== LISTED RECORDS ==
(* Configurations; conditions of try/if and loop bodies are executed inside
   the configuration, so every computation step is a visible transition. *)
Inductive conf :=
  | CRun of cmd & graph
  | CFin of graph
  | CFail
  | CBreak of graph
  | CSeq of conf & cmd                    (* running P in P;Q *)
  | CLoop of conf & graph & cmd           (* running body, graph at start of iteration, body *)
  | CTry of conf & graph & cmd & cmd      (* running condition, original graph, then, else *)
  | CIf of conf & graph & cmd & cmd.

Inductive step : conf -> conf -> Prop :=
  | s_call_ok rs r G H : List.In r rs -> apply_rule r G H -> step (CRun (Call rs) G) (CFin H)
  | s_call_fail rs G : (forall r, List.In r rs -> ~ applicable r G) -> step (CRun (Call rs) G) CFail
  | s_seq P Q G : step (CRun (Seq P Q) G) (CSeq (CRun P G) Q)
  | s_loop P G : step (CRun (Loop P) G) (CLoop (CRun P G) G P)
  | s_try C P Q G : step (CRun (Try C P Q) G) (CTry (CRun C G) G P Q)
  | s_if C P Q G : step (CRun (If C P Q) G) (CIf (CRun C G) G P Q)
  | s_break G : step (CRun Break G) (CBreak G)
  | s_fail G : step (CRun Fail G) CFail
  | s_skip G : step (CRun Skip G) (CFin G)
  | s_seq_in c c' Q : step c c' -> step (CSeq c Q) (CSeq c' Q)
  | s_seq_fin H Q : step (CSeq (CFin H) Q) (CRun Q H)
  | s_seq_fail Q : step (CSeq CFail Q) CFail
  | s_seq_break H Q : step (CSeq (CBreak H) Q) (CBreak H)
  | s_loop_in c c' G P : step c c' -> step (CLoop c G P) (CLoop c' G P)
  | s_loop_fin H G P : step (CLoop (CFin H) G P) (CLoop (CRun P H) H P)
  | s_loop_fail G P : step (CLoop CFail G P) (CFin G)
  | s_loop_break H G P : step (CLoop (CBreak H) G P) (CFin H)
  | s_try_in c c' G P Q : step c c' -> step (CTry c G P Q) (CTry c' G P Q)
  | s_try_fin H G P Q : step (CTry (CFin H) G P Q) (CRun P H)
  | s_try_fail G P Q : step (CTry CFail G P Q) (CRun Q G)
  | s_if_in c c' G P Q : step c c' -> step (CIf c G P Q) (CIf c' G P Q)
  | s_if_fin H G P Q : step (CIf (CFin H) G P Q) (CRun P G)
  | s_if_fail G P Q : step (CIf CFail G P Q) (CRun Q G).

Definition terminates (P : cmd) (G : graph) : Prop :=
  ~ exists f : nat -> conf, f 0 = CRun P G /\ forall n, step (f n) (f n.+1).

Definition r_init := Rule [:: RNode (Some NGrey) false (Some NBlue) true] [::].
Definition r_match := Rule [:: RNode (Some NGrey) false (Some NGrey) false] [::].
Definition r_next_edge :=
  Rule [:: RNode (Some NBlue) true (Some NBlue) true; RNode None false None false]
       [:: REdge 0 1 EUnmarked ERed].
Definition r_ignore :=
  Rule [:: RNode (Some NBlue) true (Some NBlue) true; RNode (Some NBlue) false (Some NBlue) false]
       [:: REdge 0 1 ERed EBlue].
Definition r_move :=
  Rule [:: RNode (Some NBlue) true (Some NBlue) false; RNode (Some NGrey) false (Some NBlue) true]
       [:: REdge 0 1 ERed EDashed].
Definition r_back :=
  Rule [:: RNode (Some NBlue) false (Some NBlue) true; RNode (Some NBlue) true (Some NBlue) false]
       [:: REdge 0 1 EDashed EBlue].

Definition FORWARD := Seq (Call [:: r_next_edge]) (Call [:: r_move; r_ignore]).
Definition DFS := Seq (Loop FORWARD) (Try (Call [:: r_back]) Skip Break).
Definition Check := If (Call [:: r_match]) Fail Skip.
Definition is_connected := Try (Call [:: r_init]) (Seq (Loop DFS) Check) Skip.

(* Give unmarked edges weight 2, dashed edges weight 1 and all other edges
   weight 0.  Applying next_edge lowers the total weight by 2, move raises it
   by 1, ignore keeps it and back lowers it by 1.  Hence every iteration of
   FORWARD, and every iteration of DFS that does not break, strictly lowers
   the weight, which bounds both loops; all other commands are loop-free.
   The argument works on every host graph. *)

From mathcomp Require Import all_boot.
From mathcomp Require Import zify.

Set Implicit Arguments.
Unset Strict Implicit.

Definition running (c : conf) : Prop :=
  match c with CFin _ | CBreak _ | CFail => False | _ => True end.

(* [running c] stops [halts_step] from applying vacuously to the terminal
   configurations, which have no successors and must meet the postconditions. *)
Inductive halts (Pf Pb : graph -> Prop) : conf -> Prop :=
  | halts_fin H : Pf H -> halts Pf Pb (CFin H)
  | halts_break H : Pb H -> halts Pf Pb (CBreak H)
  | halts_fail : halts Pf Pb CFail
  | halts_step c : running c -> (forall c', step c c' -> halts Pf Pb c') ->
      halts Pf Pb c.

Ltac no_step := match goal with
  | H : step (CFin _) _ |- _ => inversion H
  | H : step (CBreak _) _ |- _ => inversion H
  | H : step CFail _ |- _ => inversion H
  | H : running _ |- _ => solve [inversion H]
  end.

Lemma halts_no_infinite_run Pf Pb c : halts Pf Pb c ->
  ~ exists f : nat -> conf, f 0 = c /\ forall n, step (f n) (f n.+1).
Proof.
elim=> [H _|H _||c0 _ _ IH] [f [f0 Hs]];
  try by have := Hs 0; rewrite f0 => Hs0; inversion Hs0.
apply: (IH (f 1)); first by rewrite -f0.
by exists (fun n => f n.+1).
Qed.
--
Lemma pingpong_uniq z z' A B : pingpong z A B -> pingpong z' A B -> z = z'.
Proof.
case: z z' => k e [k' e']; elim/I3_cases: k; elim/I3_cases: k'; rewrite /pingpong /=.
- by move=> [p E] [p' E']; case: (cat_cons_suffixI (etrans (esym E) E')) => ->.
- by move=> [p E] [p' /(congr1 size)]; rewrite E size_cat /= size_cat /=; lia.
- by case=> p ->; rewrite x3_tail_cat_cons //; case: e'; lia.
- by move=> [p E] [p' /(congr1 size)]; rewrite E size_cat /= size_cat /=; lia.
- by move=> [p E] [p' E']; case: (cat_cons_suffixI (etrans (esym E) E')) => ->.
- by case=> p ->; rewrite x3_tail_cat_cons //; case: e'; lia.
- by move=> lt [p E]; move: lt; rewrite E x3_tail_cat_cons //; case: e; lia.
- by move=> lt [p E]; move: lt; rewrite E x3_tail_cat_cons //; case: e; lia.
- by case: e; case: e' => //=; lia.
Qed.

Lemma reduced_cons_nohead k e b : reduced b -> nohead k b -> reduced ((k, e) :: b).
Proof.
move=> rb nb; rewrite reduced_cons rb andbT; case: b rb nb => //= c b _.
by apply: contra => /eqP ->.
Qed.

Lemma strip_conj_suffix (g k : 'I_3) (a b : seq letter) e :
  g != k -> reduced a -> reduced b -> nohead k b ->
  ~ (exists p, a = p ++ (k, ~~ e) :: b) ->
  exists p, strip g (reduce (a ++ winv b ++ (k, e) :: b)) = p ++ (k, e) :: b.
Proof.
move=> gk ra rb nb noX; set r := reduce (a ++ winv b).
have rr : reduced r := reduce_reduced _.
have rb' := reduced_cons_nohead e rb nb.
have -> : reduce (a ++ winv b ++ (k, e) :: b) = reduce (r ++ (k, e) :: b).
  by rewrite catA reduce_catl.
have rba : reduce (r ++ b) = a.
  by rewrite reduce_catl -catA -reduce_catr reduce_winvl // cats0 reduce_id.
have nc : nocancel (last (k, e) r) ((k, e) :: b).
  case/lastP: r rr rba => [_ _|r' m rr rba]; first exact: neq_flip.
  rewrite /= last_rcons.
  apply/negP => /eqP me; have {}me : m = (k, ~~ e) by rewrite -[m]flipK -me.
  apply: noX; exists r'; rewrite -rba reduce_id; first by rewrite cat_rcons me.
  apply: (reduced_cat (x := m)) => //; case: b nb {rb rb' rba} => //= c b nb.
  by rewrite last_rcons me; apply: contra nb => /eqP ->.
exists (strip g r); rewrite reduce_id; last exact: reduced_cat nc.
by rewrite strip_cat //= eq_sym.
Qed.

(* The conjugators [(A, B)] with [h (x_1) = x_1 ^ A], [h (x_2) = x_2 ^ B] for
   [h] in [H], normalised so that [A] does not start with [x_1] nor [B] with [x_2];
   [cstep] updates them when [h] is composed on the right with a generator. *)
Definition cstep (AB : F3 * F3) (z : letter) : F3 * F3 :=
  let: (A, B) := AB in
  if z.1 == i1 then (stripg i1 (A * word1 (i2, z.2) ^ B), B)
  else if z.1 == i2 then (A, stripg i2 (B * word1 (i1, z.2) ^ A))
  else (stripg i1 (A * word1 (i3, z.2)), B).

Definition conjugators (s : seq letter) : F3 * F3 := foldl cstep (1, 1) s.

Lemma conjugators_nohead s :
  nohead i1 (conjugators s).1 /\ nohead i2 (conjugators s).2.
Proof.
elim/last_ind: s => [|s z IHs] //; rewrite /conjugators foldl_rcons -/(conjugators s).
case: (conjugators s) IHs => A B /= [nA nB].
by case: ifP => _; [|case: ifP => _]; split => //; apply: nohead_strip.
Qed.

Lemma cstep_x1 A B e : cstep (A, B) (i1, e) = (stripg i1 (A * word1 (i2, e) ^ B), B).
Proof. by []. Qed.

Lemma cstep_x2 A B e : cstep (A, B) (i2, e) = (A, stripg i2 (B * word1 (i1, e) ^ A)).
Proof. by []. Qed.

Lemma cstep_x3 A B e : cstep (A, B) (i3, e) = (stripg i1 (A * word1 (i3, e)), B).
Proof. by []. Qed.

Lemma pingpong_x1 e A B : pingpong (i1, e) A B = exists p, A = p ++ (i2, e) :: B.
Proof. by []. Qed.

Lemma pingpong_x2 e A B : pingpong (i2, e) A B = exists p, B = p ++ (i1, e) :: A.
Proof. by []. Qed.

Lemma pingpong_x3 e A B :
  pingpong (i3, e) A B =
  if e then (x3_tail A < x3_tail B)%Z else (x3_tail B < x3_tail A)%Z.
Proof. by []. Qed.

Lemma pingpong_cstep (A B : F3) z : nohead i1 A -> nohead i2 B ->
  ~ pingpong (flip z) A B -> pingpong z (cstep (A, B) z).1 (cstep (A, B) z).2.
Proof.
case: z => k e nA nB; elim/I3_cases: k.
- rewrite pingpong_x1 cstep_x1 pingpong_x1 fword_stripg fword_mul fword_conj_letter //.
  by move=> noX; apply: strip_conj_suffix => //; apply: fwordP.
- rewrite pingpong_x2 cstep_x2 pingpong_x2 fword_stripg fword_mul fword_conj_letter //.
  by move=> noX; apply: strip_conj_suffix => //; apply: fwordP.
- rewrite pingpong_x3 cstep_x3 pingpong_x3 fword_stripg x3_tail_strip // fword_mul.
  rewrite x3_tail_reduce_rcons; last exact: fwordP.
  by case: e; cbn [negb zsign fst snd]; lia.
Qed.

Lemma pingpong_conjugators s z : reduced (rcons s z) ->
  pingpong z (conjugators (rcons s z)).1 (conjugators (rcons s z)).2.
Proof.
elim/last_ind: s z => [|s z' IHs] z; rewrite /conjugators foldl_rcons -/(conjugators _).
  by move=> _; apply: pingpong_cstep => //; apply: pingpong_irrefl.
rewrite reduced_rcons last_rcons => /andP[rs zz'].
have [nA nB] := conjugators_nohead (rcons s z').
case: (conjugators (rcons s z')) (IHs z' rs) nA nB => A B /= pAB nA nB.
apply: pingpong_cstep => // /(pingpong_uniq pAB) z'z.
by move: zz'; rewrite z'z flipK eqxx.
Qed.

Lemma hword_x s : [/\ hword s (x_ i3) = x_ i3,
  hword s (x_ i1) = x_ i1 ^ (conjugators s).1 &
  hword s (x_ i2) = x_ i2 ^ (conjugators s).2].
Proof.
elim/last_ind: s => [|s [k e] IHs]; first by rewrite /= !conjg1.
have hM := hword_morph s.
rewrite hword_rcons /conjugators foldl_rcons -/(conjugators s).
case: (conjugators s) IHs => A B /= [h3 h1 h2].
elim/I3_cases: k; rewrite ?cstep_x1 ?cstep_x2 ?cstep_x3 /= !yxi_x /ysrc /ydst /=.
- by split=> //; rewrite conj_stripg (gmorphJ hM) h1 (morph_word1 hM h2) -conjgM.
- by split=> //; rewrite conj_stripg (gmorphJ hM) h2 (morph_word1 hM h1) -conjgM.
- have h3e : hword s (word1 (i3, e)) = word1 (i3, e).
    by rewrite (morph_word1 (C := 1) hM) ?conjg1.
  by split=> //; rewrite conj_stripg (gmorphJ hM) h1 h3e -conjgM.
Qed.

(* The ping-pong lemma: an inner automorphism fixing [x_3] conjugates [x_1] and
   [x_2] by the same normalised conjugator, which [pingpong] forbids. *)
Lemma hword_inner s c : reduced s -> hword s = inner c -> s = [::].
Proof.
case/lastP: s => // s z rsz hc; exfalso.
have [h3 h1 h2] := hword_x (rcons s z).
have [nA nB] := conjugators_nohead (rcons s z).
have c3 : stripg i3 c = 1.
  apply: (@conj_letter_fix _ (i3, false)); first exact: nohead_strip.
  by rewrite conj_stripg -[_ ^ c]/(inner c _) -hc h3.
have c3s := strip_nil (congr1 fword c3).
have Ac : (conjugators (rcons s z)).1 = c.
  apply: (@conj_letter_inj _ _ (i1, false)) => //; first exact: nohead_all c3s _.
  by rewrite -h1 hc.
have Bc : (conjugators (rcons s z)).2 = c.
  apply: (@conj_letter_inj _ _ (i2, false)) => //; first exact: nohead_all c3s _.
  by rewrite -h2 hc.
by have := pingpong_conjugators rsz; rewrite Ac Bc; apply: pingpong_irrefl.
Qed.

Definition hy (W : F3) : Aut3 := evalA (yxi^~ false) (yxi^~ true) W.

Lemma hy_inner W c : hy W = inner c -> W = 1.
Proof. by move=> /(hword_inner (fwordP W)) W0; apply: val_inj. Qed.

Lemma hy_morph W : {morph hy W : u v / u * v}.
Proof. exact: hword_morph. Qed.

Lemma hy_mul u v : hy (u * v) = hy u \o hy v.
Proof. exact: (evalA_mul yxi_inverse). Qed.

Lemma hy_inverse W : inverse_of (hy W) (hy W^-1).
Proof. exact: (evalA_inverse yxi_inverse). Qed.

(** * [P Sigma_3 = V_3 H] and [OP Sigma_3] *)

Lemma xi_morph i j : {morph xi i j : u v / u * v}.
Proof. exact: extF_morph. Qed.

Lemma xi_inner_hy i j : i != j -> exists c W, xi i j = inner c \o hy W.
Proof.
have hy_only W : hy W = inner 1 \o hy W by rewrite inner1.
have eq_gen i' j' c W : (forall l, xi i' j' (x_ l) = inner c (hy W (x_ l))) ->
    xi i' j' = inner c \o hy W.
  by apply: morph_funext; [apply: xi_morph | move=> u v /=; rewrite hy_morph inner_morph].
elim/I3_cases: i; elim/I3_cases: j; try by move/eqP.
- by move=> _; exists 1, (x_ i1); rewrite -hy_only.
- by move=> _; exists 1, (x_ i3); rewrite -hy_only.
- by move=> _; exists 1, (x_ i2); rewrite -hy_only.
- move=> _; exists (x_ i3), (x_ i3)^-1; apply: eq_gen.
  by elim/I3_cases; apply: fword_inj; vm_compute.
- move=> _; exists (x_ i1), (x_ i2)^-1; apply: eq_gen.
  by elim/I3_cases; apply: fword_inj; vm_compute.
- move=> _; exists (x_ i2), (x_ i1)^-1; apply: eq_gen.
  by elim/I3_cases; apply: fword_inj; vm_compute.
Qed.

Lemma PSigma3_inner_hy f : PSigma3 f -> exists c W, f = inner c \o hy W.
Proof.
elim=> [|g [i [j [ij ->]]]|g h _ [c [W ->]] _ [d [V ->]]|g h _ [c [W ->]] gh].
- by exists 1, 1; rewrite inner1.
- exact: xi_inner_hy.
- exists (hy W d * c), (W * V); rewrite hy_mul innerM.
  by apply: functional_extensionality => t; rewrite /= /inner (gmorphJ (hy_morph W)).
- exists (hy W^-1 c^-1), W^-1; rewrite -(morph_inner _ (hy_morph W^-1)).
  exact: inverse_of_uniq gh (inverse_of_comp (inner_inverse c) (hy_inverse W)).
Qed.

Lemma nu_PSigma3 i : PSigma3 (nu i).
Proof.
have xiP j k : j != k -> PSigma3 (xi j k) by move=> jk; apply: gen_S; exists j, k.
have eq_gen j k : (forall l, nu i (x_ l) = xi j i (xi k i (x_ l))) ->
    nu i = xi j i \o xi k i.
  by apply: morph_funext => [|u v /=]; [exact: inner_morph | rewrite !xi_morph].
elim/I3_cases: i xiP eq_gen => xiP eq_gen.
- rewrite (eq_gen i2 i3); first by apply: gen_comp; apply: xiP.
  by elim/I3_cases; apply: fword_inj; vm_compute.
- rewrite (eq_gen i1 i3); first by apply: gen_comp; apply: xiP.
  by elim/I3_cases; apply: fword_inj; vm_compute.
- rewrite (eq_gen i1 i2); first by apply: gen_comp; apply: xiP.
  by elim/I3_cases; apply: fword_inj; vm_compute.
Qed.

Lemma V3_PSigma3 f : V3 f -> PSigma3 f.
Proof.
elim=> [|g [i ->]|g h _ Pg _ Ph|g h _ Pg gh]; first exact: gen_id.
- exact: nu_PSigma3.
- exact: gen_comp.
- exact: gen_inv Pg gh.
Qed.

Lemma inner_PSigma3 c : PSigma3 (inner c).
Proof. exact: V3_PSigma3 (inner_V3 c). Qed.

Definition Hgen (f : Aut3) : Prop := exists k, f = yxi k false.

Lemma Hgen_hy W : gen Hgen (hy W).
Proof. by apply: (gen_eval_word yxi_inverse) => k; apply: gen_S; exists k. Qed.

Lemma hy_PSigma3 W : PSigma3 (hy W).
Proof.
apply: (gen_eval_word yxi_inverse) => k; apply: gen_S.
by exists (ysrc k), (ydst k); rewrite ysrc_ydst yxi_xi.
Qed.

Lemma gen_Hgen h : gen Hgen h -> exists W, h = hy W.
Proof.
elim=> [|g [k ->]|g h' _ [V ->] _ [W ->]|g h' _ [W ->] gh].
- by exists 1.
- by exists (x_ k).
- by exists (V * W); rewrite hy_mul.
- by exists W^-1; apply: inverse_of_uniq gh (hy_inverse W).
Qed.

== PROBLEM DETAILS ==
All lines of the data that hold "then" need to be copied.

== WRITTEN SOLUTION ==
  | CTry of conf & graph & cmd & cmd      (* running condition, original graph, then, else *)
  if z.1 == i1 then (stripg i1 (A * word1 (i2, z.2) ^ B), B)
  else if z.1 == i2 then (A, stripg i2 (B * word1 (i1, z.2) ^ A))
  if e then (x3_tail A < x3_tail B)%Z else (x3_tail B < x3_tail A)%Z.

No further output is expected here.